The present invention relates to a pole layer composite material, and more particularly to a pole layer composite material for a lithium ion secondary battery system.

Background

The existing lithium ion secondary battery mainly uses liquid electrolyte as a lithium ion transmission medium, but the volatile property of the liquid electrolyte can cause adverse effects on human bodies and the environment; meanwhile, the flammability of the liquid electrolyte is also a great safety hazard for battery users.

Furthermore, one of the reasons for the unstable performance of the current lithium battery is mainly due to the large surface activity of the electrode (negative electrode) and the high voltage (positive electrode), which results in the instability of the interface between the electrode and the electrolyte under the direct contact therebetween, and further generates so-called exothermic reactions that consume the liquid electrolyte and lithium ions and also generate heat, thereby forming an inactive protective film on the contact interface therebetween. Once local short circuit occurs, the local temperature rises rapidly, and at the moment, the passive protective film becomes unstable and releases heat; the exothermic reaction is cumulative, and the temperature of the entire battery is continuously increased. Once the temperature of the battery is increased to the initial temperature (or trigger temperature) of the thermal runaway reaction (thermal runaway), a thermal runaway phenomenon is caused, which may cause damage to the battery, such as explosion or fire, and cause considerable safety concerns in use.

In recent years, solid electrolytes have become another focus of research, which have similar ionic conductivity to liquid electrolytes, but do not have the easy evaporation and combustion properties of liquid electrolytes, while the interface with the active material surface is relatively stable (whether chemical or electrochemical). However, unlike liquid electrolytes, solid electrolytes have a small contact surface with active materials, a poor contact surface, and a low charge transfer reaction constant, so that the resistance of the charge transfer interface with the active materials of the positive and negative electrodes in the electrode layer is large, which is not conducive to effective transmission of lithium ions, and thus it is still difficult to completely replace liquid electrolytes.

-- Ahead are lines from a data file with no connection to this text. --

(* In the setting of the context, for every $g_0\in F_{xz}$ and $g_1\in F_{yz}$ we have $|g_1^{-1}g_0|_{S_1}\ge f(|g_0|_{S_1})$.
   Context: $H$ is a finitely presented group with finite generating set $T$, containing a free subgroup $F$ of rank $p$ with free basis $R=\{d_1,\dots,d_p\}\subset T$ (standing assumption: $\mathrm{Dist}_F^H$ admits an exponentially bounded sequence of palindromic certificates in $F$). $F_x,F_y,F_z$ are free of rank $p$ with bases $R_x=\{x_i\},R_y=\{y_i\},R_z=\{z_i\}$. $G_1=[H\ast_{\langle d_i=x_iy_i^{-1}\rangle}(F_x\times F_y\times F_z)]\times\langle s_1\rangle$; $a_i=x_iz_i$, $b_i=y_iz_i$, $R_{xz}=\{a_i\}$, $R_{yz}=\{b_i\}$, $F_{xz}=\langle R_{xz}\rangle$, $F_{yz}=\langle R_{yz}\rangle$; $S_1=T\cup R_x\cup R_y\cup R_z\cup R_{xz}\cup R_{yz}\cup\{s_1\}$. $\mathrm{Dist}_F^H(n)=\max\{|g|_R:g\in F,|g|_T\le n\}$ (linearly interpolated). $f=\Delta^{-1}$, where $\Delta:[0,\infty)\to[0,\infty)$ is a non-decreasing bijection Lipschitz equivalent to $\mathrm{Dist}_F^H$ with $\Delta(r)\ge r$ for $r\ge1$ and $f(|g|_R)\le|g|_T$ for every $g\in F$ (Lipschitz equivalence: $\exists M\ge1$ with $g(r)\le Mf(Mr)$, $f(r)\le Mg(Mr)$ for $r\ge1$). *)

From Stdlib Require Import Reals Lra Lia List.
Open Scope R_scope.

Record Grp := {
  car :> Type;
  gmul : car -> car -> car;
  ginv : car -> car;
  gone : car;
  gmulA : forall a b c, gmul a (gmul b c) = gmul (gmul a b) c;
  gmul1l : forall a, gmul gone a = a;
  gmulVl : forall a, gmul (ginv a) a = gone
}.
Arguments gmul {g} _ _.
Arguments ginv {g} _.
Arguments gone {g}.

Record Hom (G L : Grp) := {
  hfun :> G -> L;
  hmul : forall a b, hfun (gmul a b) = gmul (hfun a) (hfun b)
}.

(* A word is a list of letters (u, b): u a generator, b = true for u,
   b = false for u^{-1}. *)
Definition letter_val {G : Grp} (l : G * bool) : G :=
  if snd l then fst l else ginv (fst l).

Definition word_eval {G : Grp} (w : list (G * bool)) : G :=
  fold_right (fun l acc => gmul (letter_val l) acc) gone w.

Definition word_reach {G : Grp} (S : G -> Prop) (g : G) (n : nat) : Prop :=
  exists w : list (G * bool),
    length w = n /\ Forall (fun l => S (fst l)) w /\ word_eval w = g.

Definition word_len {G : Grp} (S : G -> Prop) (g : G) (n : nat) : Prop :=
  word_reach S g n /\ forall m, word_reach S g m -> (n <= m)%nat.

Definition word_len_le {G : Grp} (S : G -> Prop) (g : G) (n : nat) : Prop :=
  exists m, (m <= n)%nat /\ word_reach S g m.

Definition in_gen {G : Grp} (S : G -> Prop) (g : G) : Prop :=
  exists n, word_reach S g n.

Definition generates {G : Grp} (S : G -> Prop) : Prop :=
  forall g : G, in_gen S g.

Definition finite_set {G : Grp} (S : G -> Prop) : Prop :=
  exists l : list G, forall u, S u <-> In u l.

(* H is finitely presented on the finite generating set T: there is a finite
   list of relators (words in T) such that every map of T into a group L
   killing the relators extends to a homomorphism H -> L. *)
Definition fin_presented (H : Grp) (T : H -> Prop) : Prop :=
  finite_set T /\ generates T /\
  exists rels : list (list (H * bool)),
    Forall (fun w => Forall (fun l => T (fst l)) w /\ word_eval w = gone) rels /\
    forall (L : Grp) (phi : H -> L),
      Forall (fun w => word_eval (map (fun l => (phi (fst l), snd l)) w) = gone) rels ->
      exists psi : Hom H L, forall t, T t -> psi t = phi t.

Definition idx_eval {G : Grp} (d : nat -> G) (w : list (nat * bool)) : G :=
  word_eval (map (fun l => (d (fst l), snd l)) w).

Fixpoint reduced (w : list (nat * bool)) : Prop :=
  match w with
  | nil => True
  | (i, b) :: w' =>
      match w' with
      | nil => True
      | (j, c) :: _ => ~ (i = j /\ b <> c) /\ reduced w'
      end
  end.

Definition free_family {G : Grp} (p : nat) (d : nat -> G) : Prop :=
  forall w : list (nat * bool),
    Forall (fun l => (fst l < p)%nat) w -> reduced w -> idx_eval d w = gone ->
    w = nil.

Definition set_of_family {G : Grp} (p : nat) (d : nat -> G) : G -> Prop :=
  fun u => exists i, (i < p)%nat /\ u = d i.

(* G1 together with iota : H -> G1, x_i, y_i, z_i, s1 is
   [H *_{d_i = x_i y_i^{-1}} (F_x x F_y x F_z)] x <s1>, characterised by its
   presentation / universal property:
   generators H, x_i, y_i, z_i, s1; relations those of H,
   d_i = x_i y_i^{-1}, [x_i,y_j] = [x_i,z_j] = [y_i,z_j] = 1,
   s1 central. *)
Definition G1_relations {H L : Grp} (p : nat) (d : nat -> H) (phi : H -> L)
    (X Y Z : nat -> L) (s : L) : Prop :=
  (forall i, (i < p)%nat -> phi (d i) = gmul (X i) (ginv (Y i))) /\
  (forall i j, (i < p)%nat -> (j < p)%nat ->
     gmul (X i) (Y j) = gmul (Y j) (X i) /\
     gmul (X i) (Z j) = gmul (Z j) (X i) /\
     gmul (Y i) (Z j) = gmul (Z j) (Y i)) /\
  (forall h : H, gmul s (phi h) = gmul (phi h) s) /\
  (forall i, (i < p)%nat ->
     gmul s (X i) = gmul (X i) s /\ gmul s (Y i) = gmul (Y i) s /\
     gmul s (Z i) = gmul (Z i) s).

Definition is_G1 (H : Grp) (p : nat) (d : nat -> H) (G1 : Grp) (iota : Hom H G1)
    (X Y Z : nat -> G1) (s1 : G1) : Prop :=
  G1_relations p d iota X Y Z s1 /\
  forall (L : Grp) (phi : Hom H L) (X' Y' Z' : nat -> L) (s' : L),
    G1_relations p d phi X' Y' Z' s' ->
    (exists psi : Hom G1 L,
        (forall h, psi (iota h) = phi h) /\
        (forall i, (i < p)%nat -> psi (X i) = X' i /\ psi (Y i) = Y' i /\
                                  psi (Z i) = Z' i) /\
        psi s1 = s') /\
    (forall psi1 psi2 : Hom G1 L,
        (forall h, psi1 (iota h) = phi h) ->
        (forall i, (i < p)%nat -> psi1 (X i) = X' i /\ psi1 (Y i) = Y' i /\
                                  psi1 (Z i) = Z' i) ->
        psi1 s1 = s' ->
        (forall h, psi2 (iota h) = phi h) ->
        (forall i, (i < p)%nat -> psi2 (X i) = X' i /\ psi2 (Y i) = Y' i /\
                                  psi2 (Z i) = Z' i) ->
        psi2 s1 = s' ->
        forall g, psi1 g = psi2 g).

Definition S1_set {H G1 : Grp} (T : H -> Prop) (p : nat) (iota : H -> G1)
    (X Y Z : nat -> G1) (s1 : G1) : G1 -> Prop :=
  fun u =>
    (exists t, T t /\ u = iota t) \/
    (exists i, (i < p)%nat /\
       (u = X i \/ u = Y i \/ u = Z i \/ u = gmul (X i) (Z i) \/
        u = gmul (Y i) (Z i))) \/
    u = s1.

Definition is_dist {H : Grp} (T R : H -> Prop) (D : nat -> nat) : Prop :=
  forall n : nat,
    (exists g, in_gen R g /\ word_len_le T g n /\ word_len R g (D n)) /\
    (forall g k, in_gen R g -> word_len_le T g n -> word_len R g k -> (k <= D n)%nat).

Definition interp (D : nat -> nat) (r : R) : R :=
  let k := Z.to_nat (Int_part r) in
  INR (D k) + (r - INR k) * (INR (D (S k)) - INR (D k)).

Definition lip_equiv (g f : R -> R) : Prop :=
  exists M : R, 1 <= M /\
    forall r, 1 <= r -> g r <= M * f (M * r) /\ f r <= M * g (M * r).

From Stdlib Require Import Reals List Lra Lia Classical Wf_nat.
Open Scope R_scope.

(* Let psi : G1 -> H be the retraction that is the identity on H, sends x_i to
   d_i and kills y_i, z_i and s1.  Then psi a_i = d_i, psi b_i = 1, and psi
   maps every letter of S1 into T or to 1, so h := psi (g1^-1 g0) = psi g0
   satisfies |h|_T <= |g1^-1 g0|_S1.  Because the d_i are free, every R-word
   for h is the psi-image of the same word in the a_i, which then spells g0;
   hence |g0|_S1 <= |h|_R.  As f is nondecreasing and f(|h|_R) <= |h|_T,
   f(|g0|_S1) <= f(|h|_R) <= |h|_T <= |g1^-1 g0|_S1. *)

Section GroupLaws.
Variable G : Grp.
Implicit Types a b c : G.

Lemma mulgV a : gmul a (ginv a) = gone.
Proof.
  rewrite <- (gmul1l G (gmul a (ginv a))), <- (gmulVl G (ginv a)) at 1.
  rewrite <- gmulA, (gmulA G (ginv a) a (ginv a)), gmulVl, gmul1l.
  apply gmulVl.
Qed.

Lemma mulg1 a : gmul a gone = a.
Proof. rewrite <- (gmulVl G a), gmulA, mulgV. apply gmul1l. Qed.

Lemma ginv_unique a b : gmul a b = gone -> a = ginv b.
Proof.
  intro Hab. rewrite <- (mulg1 a), <- (mulgV b), gmulA, Hab. apply gmul1l.
Qed.

Lemma invg1 : ginv (@gone G) = gone.
Proof. symmetry. apply ginv_unique, gmul1l. Qed.

Lemma invgK a : ginv (ginv a) = a.
Proof. symmetry. apply ginv_unique, mulgV. Qed.

Lemma invMg a b : ginv (gmul a b) = gmul (ginv b) (ginv a).
Proof.
  symmetry. apply ginv_unique.
  rewrite <- gmulA, (gmulA G (ginv a) a b), gmulVl, gmul1l. apply gmulVl.
Qed.

Lemma mulgI a b c : gmul a b = gmul a c -> b = c.
Proof.
  intro E. rewrite <- (gmul1l G b), <- (gmul1l G c), <- (gmulVl G a), <- !gmulA, E.
  reflexivity.
Qed.

Lemma letter_val_one (s : bool) : letter_val (@gone G, s) = gone.
Proof. destruct s; [reflexivity | apply invg1]. Qed.

End GroupLaws.

Section Morphisms.
Variables G L : Grp.
Variable psi : Hom G L.

Lemma morph1 : psi gone = gone.
Proof. apply (mulgI L (psi gone)). rewrite <- hmul, gmul1l, mulg1. reflexivity. Qed.

Lemma morphV x : psi (ginv x) = ginv (psi x).
Proof. apply ginv_unique. rewrite <- hmul, gmulVl. apply morph1. Qed.

Lemma morph_letter_val u (s : bool) : psi (letter_val (u, s)) = letter_val (psi u, s).
Proof. destruct s; [reflexivity | apply morphV]. Qed.

Lemma morph_in_gen_trivial (S : G -> Prop) g :
  (forall u, S u -> psi u = gone) -> in_gen S g -> psi g = gone.
Proof.
  intros HS [n [w [_ [HF <-]]]]. clear n.
  induction HF as [|[u s] w Hu HF IH]; [apply morph1|].
  simpl word_eval. rewrite hmul, IH, morph_letter_val, (HS u Hu), letter_val_one.
  apply gmul1l.
Qed.

Lemma morph_word_len_le (S : G -> Prop) (T : L -> Prop) g n :
  (forall u, S u -> T (psi u) \/ psi u = gone) ->
  word_reach S g n -> word_len_le T (psi g) n.
Proof.
  intros HST [w [<- [HF <-]]].
  induction HF as [|[u s] w Hu HF [m [Hm [w' [Hw'len [Hw'F Hw'val]]]]]].
  - exists 0%nat. split; [lia|]. exists nil. split; [reflexivity|].
    split; [constructor | symmetry; apply morph1].
  - simpl word_eval. rewrite hmul, morph_letter_val.
    destruct (HST u Hu) as [HT | H1].
    + exists (Datatypes.S m). split; [simpl; lia|]. exists ((psi u, s) :: w').
      split; [simpl; congruence|]. split; [constructor; assumption|].
      simpl. rewrite Hw'val. reflexivity.
    + exists m. split; [simpl; lia|].
      rewrite H1, letter_val_one, gmul1l. exists w'. auto.
Qed.

End Morphisms.

Lemma word_len_exists {G : Grp} (S : G -> Prop) g m :
  word_reach S g m -> exists n, word_len S g n /\ (n <= m)%nat.
Proof.
  intro Hm.
  destruct (dec_inh_nat_subset_has_unique_least_element (word_reach S g))
    as [n [[Hn Hmin] _]]; [intro; apply classic | eauto |].
  exists n. split; [split|]; auto.
Qed.

Lemma inverse_nondecreasing (Delta f : R -> R) :
  (forall r s, 0 <= r -> r <= s -> Delta r <= Delta s) ->
  (forall y, 0 <= y -> 0 <= f y) ->
  (forall y, 0 <= y -> Delta (f y) = y) ->
  forall y1 y2, 0 <= y1 -> y1 <= y2 -> f y1 <= f y2.
Proof.
  intros HDmono Hfpos HDf y1 y2 H1 H2.
  destruct (Rle_dec (f y1) (f y2)) as [|Hlt]; [assumption|].
  assert (Delta (f y2) <= Delta (f y1)) by (apply HDmono; [apply Hfpos | ]; lra).
  rewrite !HDf in * by lra. replace y2 with y1 in Hlt by lra. lra.
Qed.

In order to solve the above problems, the present invention provides a novel electrode layer composite material.

Disclosure of Invention

Accordingly, the present invention is directed to a pole layer composite material, which solves the above-mentioned drawbacks of the prior art, effectively blocks the contact between the electrolyte and the active material by using an Artificial Passive Film (APF), and prevents unnecessary consumption of lithium ions and the degradation of the lithium battery caused thereby.

Another objective of the present invention is to provide an electrode layer composite material, which utilizes concentration difference to construct a middle layer and an outer layer of colloidal/liquid electrolyte and solid electrolyte with different distributions, so as to solve the problems of high charge transfer resistance and low contact area caused by direct contact between the solid electrolyte and the active material, reduce the amount of organic solvent as much as possible, and improve the safety of the battery.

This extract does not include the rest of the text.